The inch has always been tied to the meter in the U.S. After the Civil War, the Surveyor General of the U.S. set the inch as 39.37 inches to the meter. The British had a yard bar, the Canadians had 25.4 mm per inch, 
and the other English speaking nations had chosen one of these or some variation. They were all close, but not exactly the same. The yard bar was in fact shrinking. In 1959, a conference attended by the directors of 
the National Measurement Institutes from all of the English speaking countries, those who still used inches, met to standardize the inch. The 25.4 mm per inch (exactly) was chosen, and since then this is the inch used 
by NIST (formerly NBS). Except . . . Yes, there is always an exception. Surveyors still use the old inch because all of the mountains of measurements in place defining the positions of everything in the US are in these 
inches, and the job of changing them was considered too large a task. So surveyors still use the surveyor inch, 39.37 inches per meter.
(") End of quote.

and : 
http://physics.nist.gov/cuu/Units/meter.html

(") Quote:
...in 1983 the CGPM replaced this latter definition by the following definition:

      The meter is the length of the path travelled by light in vacuum during a time interval of 1/299 792 458 of a second.

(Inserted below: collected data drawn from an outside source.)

Lemma step_flip A B :
  (well_formed (flip A) -> cycle_free (flip A) ->
     well_formed (flip B) /\ cycle_free (flip B)) ->
  well_formed A -> cycle_free A -> well_formed B /\ cycle_free B.
Proof.
have back := is_dual_sym (is_dual_flip B).
move=> Hstep /(well_formed_dual (is_dual_flip A)) wfA /(cycle_free_dual (is_dual_flip A)) cfA.
have [wfB cfB] := Hstep wfA cfA.
by split; [exact: well_formed_dual back wfB|exact: cycle_free_dual back cfB].
Qed.

(** * The weakening steps *)

Section WeakeningContraction.

Variables (A B : flow) (w c e1 e2 e3 f : nat).
Hypotheses (Hw : isv A w Wk) (Hc : isv A c Ctr).
Hypotheses (E1 : e1 \in fE A) (E2 : e2 \in fE A) (E3 : e3 \in fE A).
Hypotheses (U1 : up A e1 = Vx w) (L1 : lo A e1 = Vx c) (L2 : lo A e2 = Vx c).
Hypotheses (N21 : e2 <> e1) (U3 : up A e3 = Vx c).
Hypothesis Hrep : replaced A B (predC (pred2 w c)) [::] (fun _ => Wk)
  (predC [pred e | (e == e1) || (e == e2) || (e == e3)]) [:: f]
  (fun e => if e == f then up A e2 else up A e)
  (fun e => if e == f then lo A e3 else lo A e).
Hypotheses (wfA : well_formed A) (cfA : cycle_free A).

Lemma wk_ctr_e23 : e2 <> e3.
Proof. by move=> E; apply: (no_loop cfA (proj1 Hc) E3 U3); rewrite -E. Qed.

Lemma wk_ctr_cycle_free : cycle_free B.
Proof.
have [_ [_ [_ [_ [_ [_ [_ [mE _]]]]]]]] := Hrep.
apply: (replaced_cycle_free (phi := id)
  (img := fun e => if e == f then [:: e2; e3] else [:: e]) Hrep) => //.
- by move=> e; rewrite inE => /negbTE ->.
- move=> e; rewrite inE => /eqP ->; rewrite eqxx /= inE andbT; split=> //; split.
    exact/eqP/wk_ctr_e23.
  by move=> x; rewrite !inE => /orP [] /eqP ->; rewrite ?E2 ?E3 !eqxx ?orbT.
- by move=> e e'; rewrite !inE => /eqP -> /eqP ->.
- move=> e He; rewrite !node_map_id; case: ifP => [_|Hn] /=.
    by rewrite L2 U3.
  by case/mE: He => [/andP []//|]; rewrite inE Hn.
Qed.

Lemma wk_ctr_well_formed : well_formed B.
Proof.
have [_ [_ [_ [_ [_ [fE' [_ [mE _]]]]]]]] := Hrep.
have [uA endA _] := wfA; have [_ wL] := Hw; have [cA cL] := Hc.
have wc : w <> c by move=> E; move: cL; rewrite -E wL.
have nf e : e \in fE A -> (e == f) = false.
  by move=> He; apply: contraTF He => /eqP ->; apply: fE'; rewrite inE.
apply: (replaced_well_formed (RE := [:: e1; e2; e3]) Hrep _ uA) => //.
- by move=> e; rewrite /= !inE orbA.
- have e13 : e1 <> e3 by move=> E; apply: wc; move: U1; rewrite E U3 => [[]].
  rewrite /= !inE !negb_or !andbT -andbA; apply/and3P; split; apply/eqP => //.
  - exact: nesym.
  - exact: wk_ctr_e23.
- by move=> e; rewrite !inE => /or3P [] /eqP ->.
- move=> e v /mE [/andP [HeA HeK]|]; last rewrite inE => /eqP ->; rewrite ?eqxx ?nf // => Hv.
    left; apply: kept_vertex (endA e v HeA Hv) _ _ => Ev; move: Hv HeK; rewrite Ev !inE.
      case=> [/(lower_edge1 wfA Hw erefl E1 U1 HeA) ->|]; first by rewrite eqxx.
      by move/eqP; rewrite (negbTE (upper_edge0 wfA Hw erefl HeA)).
    case=> [/(lower_edge1 wfA Hc erefl E3 U3 HeA) ->|]; first by rewrite !eqxx !orbT.
    by case/(upper_edge2 wfA Hc erefl E1 L1 E2 L2 (nesym N21) HeA) => ->; rewrite eqxx ?orbT.
  left; apply: kept_vertex.
  + by case: Hv => Hv; [apply: (endA e2 v E2); left|apply: (endA e3 v E3); right].
  + move=> Ev; rewrite Ev in Hv; case: Hv => [/(lower_edge1 wfA Hw erefl E1 U1 E2)//|/eqP].
    by rewrite (negbTE (upper_edge0 wfA Hw erefl E3)).
  + move=> Ev; rewrite Ev in Hv; case: Hv => Hv; first exact: no_loop cfA cA E2 Hv L2.
    exact: no_loop cfA cA E3 U3 Hv.
- by move=> v _ _ e He _; rewrite nf.
- move=> v _; rewrite /= negb_or => /andP [Hvw Hvc].
  by rewrite /= eqxx L1 L2 U1 U3 !eq_Vx ![_ == v]eq_sym (negbTE Hvw) (negbTE Hvc) !addn0.
Qed.

Lemma wk_ctr_preserves : well_formed B /\ cycle_free B.
Proof. by split; [exact: wk_ctr_well_formed|exact: wk_ctr_cycle_free]. Qed.

End WeakeningContraction.

Section WeakeningCut.

Variables (A B : flow) (w k e1 e2 u : nat).
Hypotheses (Hw : isv A w Wk) (Hk : isv A k Cut) (E1 : e1 \in fE A) (E2 : e2 \in fE A).
Hypotheses (U1 : up A e1 = Vx w) (L1 : lo A e1 = Vx k) (L2 : lo A e2 = Vx k) (N21 : e2 <> e1).
Hypothesis Hrep : replaced A B (predC (pred2 w k)) [:: u] (fun _ => Cowk)
  (predC (pred1 e1)) [::] (up A) (fun e => if e == e2 then Vx u else lo A e).
Hypotheses (wfA : well_formed A) (cfA : cycle_free A).

Lemma wk_cut_fresh v : v \in fV A -> (v == u) = false.
Proof.
have [_ [_ [_ [_ [fV' _]]]]] := Hrep.
by move=> Hv; apply: contraTF Hv => /eqP ->; apply: fV'; rewrite inE.
Qed.

Lemma wk_cut_kept_edge e : e \in fE B -> (e \in fE A) && (e != e1).
Proof. by have [_ [_ [_ [_ [_ [_ [_ [mE _]]]]]]]] := Hrep; case/mE. Qed.

Lemma wk_cut_cycle_free : cycle_free B.
Proof.
set phi := fun x => if x == u then k else x.
have phi_id : {in fV A, phi =1 id} by move=> v /wk_cut_fresh Hv; rewrite /phi Hv.
apply: (replaced_cycle_free (phi := phi) (img := fun e => [:: e]) Hrep) => //.
- by move=> v; rewrite /phi inE => /negbTE ->.
- by move=> v; rewrite inE /phi => /eqP ->; rewrite eqxx; case: Hk.
- move=> e /wk_cut_kept_edge /andP [HeA _].
  have [-> Hl] := node_map_ends wfA HeA phi_id; split=> //; split=> //.
  by case: ifP => [/eqP -> /=|_]; rewrite /phi ?eqxx ?L2.
Qed.

Lemma wk_cut_well_formed : well_formed B.
Proof.
have [_ [uE [_ [_ [_ [_ [_ [mE _]]]]]]]] := Hrep.
have [uA endA _] := wfA.
have not_u e : e \in fE B -> up A e != Vx u /\ lo A e != Vx u.
  move=> /wk_cut_kept_edge /andP [He _].
  split; apply/eqP => Hx; [move: (endA e u He (or_introl Hx))|move: (endA e u He (or_intror Hx))];
    by move/wk_cut_fresh; rewrite eqxx.
apply: (replaced_well_formed (RE := [:: e1]) Hrep _ uA) => //.
- by move=> e; rewrite /= !inE.
- by move=> e; rewrite inE => /eqP ->.
- move=> e v /wk_cut_kept_edge /andP [HeA HeK]; case=> [Hv|].
  + left; apply: kept_vertex (endA e v HeA (or_introl Hv)) _ _ => Ev; rewrite Ev in Hv.
      by move: HeK; rewrite (lower_edge1 wfA Hw erefl E1 U1 HeA Hv) eqxx.
    by move: Hv => /eqP; rewrite (negbTE (lower_edge0 wfA Hk erefl HeA)).
  + case: ifP => [_ [<-]|Hn Hv]; first by right; rewrite inE.
    left; apply: kept_vertex (endA e v HeA (or_intror Hv)) _ _ => Ev; rewrite Ev in Hv.
      by move: Hv => /eqP; rewrite (negbTE (upper_edge0 wfA Hw erefl HeA)).
    have [] := upper_edge2 wfA Hk erefl E1 L1 E2 L2 (nesym N21) HeA Hv => E.
      by move: HeK; rewrite E eqxx.
    by move: Hn; rewrite E eqxx.
- move=> v HvA; rewrite /= negb_or => /andP [_ Hvk] e _ _; split=> //.
  case: ifP => [/eqP ->|//].
  by rewrite L2 !eq_Vx ![_ == v]eq_sym wk_cut_fresh // (negbTE Hvk).
- move=> v _; rewrite /= negb_or => /andP [Hvw Hvk].
  by rewrite L1 U1 !eq_Vx ![_ == v]eq_sym (negbTE Hvw) (negbTE Hvk).
- move=> v; rewrite inE => /eqP ->; split.
  + apply: (count_in_pred1 (a := e2) uE) => [|e He].
      by apply/mE; left; rewrite /= E2; apply/eqP.
    by case: ifP => _; rewrite ?eqxx // (negbTE (not_u e He).2).
  + by apply: count_in_pred0 => e /not_u [].
Qed.

Lemma wk_cut_preserves : well_formed B /\ cycle_free B.
Proof. by split; [exact: wk_cut_well_formed|exact: wk_cut_cycle_free]. Qed.

End WeakeningCut.

Section WeakeningCoweakening.

Variables (A B : flow) (w cw e : nat).
Hypotheses (Hw : isv A w Wk) (Hcw : isv A cw Cowk) (E : e \in fE A).
Hypotheses (U : up A e = Vx w) (L : lo A e = Vx cw).
Hypothesis Hrep : replaced A B (predC (pred2 w cw)) [::] (fun _ => Wk)
  (predC (pred1 e)) [::] (up A) (lo A).
Hypotheses (wfA : well_formed A) (cfA : cycle_free A).

Lemma wk_cowk_kept_edge e' : e' \in fE B -> (e' \in fE A) && (e' != e).
Proof.
have [_ [_ [_ [_ [_ [_ [_ [mE _]]]]]]]] := Hrep.
by case/mE => [/andP [-> /=]|]; rewrite ?inE.
Qed.

Lemma wk_cowk_cycle_free : cycle_free B.
Proof.
apply: (replaced_cycle_free (phi := id) (img := fun e => [:: e]) Hrep) => // e' He'.
by rewrite !node_map_id /=; case/andP: (wk_cowk_kept_edge He').
Qed.

Lemma wk_cowk_well_formed : well_formed B.
Proof.
have [uA endA _] := wfA.
apply: (replaced_well_formed (RE := [:: e]) Hrep _ uA) => //.
- by move=> e'; rewrite /= !inE.
- by move=> e'; rewrite inE => /eqP ->.
- move=> e' v /wk_cowk_kept_edge /andP [He' Hne] Hv; left.
  apply: kept_vertex (endA e' v He' Hv) _ _ => Ev; rewrite Ev in Hv; case: Hv => Hv.
  + by move: Hne; rewrite (lower_edge1 wfA Hw erefl E U He' Hv) eqxx.
  + by move: Hv => /eqP; rewrite (negbTE (upper_edge0 wfA Hw erefl He')).
  + by move: Hv => /eqP; rewrite (negbTE (lower_edge0 wfA Hcw erefl He')).
  + by move: Hne; rewrite (upper_edge1 wfA Hcw erefl E L He' Hv) eqxx.
- move=> v _; rewrite /= negb_or => /andP [Hvw Hvc].
  by rewrite L U !eq_Vx ![_ == v]eq_sym (negbTE Hvw) (negbTE Hvc).
Qed.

       Note that the effect of this definition is to fix the speed of light in vacuum at exactly 299 792 458 m·s-1. The original international prototype of the meter, which was sanctioned by the 1st CGPM in 1889, is still kept 
at the BIPM under the conditions specified in 1889.
(")
End of quote.
As well:
Eric Weisstein's World of Physics
  http://scienceworld.wolfram.com/physics/Inch.html 

  An nonmetric unit of length, originally defined as the lengths of
  three "average size" barleycorns laid end-to-end, but now more
  rationally defined as 2.54 cm. An older definition no longer used
  was 1 meter = 39.37 inches, giving 2.54000508 cm/inch. 

Surprisingly, these two conversions are both exact. For details on 
the current definition of the inch, see

  A Tale of Two Feet OR The Case of The Double Standard - T. J. Keefe
  http://physics.ccri.cc.ri.us/keefe/twofeet.htm 


Finally, the conversion is finally in a concrete form, as long the speed of light 
in vacuum does not turn out to be not constant ;-)

keep watching the time and units, 
regards

Arnold, DK2WT



On Tue, 3 Apr 2007 11:37:16 +0200, Enrico Rubiola wrote:

>Dear all,
>I have read some weird discussion about measurement units.
>There is a wonderful book I come across, by Francois Caldarelli
>You may take a look
>http://rubiola.org/shared/caldarelli.pdf
>then it's up to you....
>Best



>Enrico Rubiola
>professor of electronics

>web:	http://rubiola.org
>e-mail:	rubiola at femto-st.fr

>FEMTO-ST Institute
>32 av. de l'Observatoire
>25044 Besancon, FRANCE
>voice:	+33(0)381.853940 (E.Rubiola)
>voice:	+33(0)381.853999 (switchboard)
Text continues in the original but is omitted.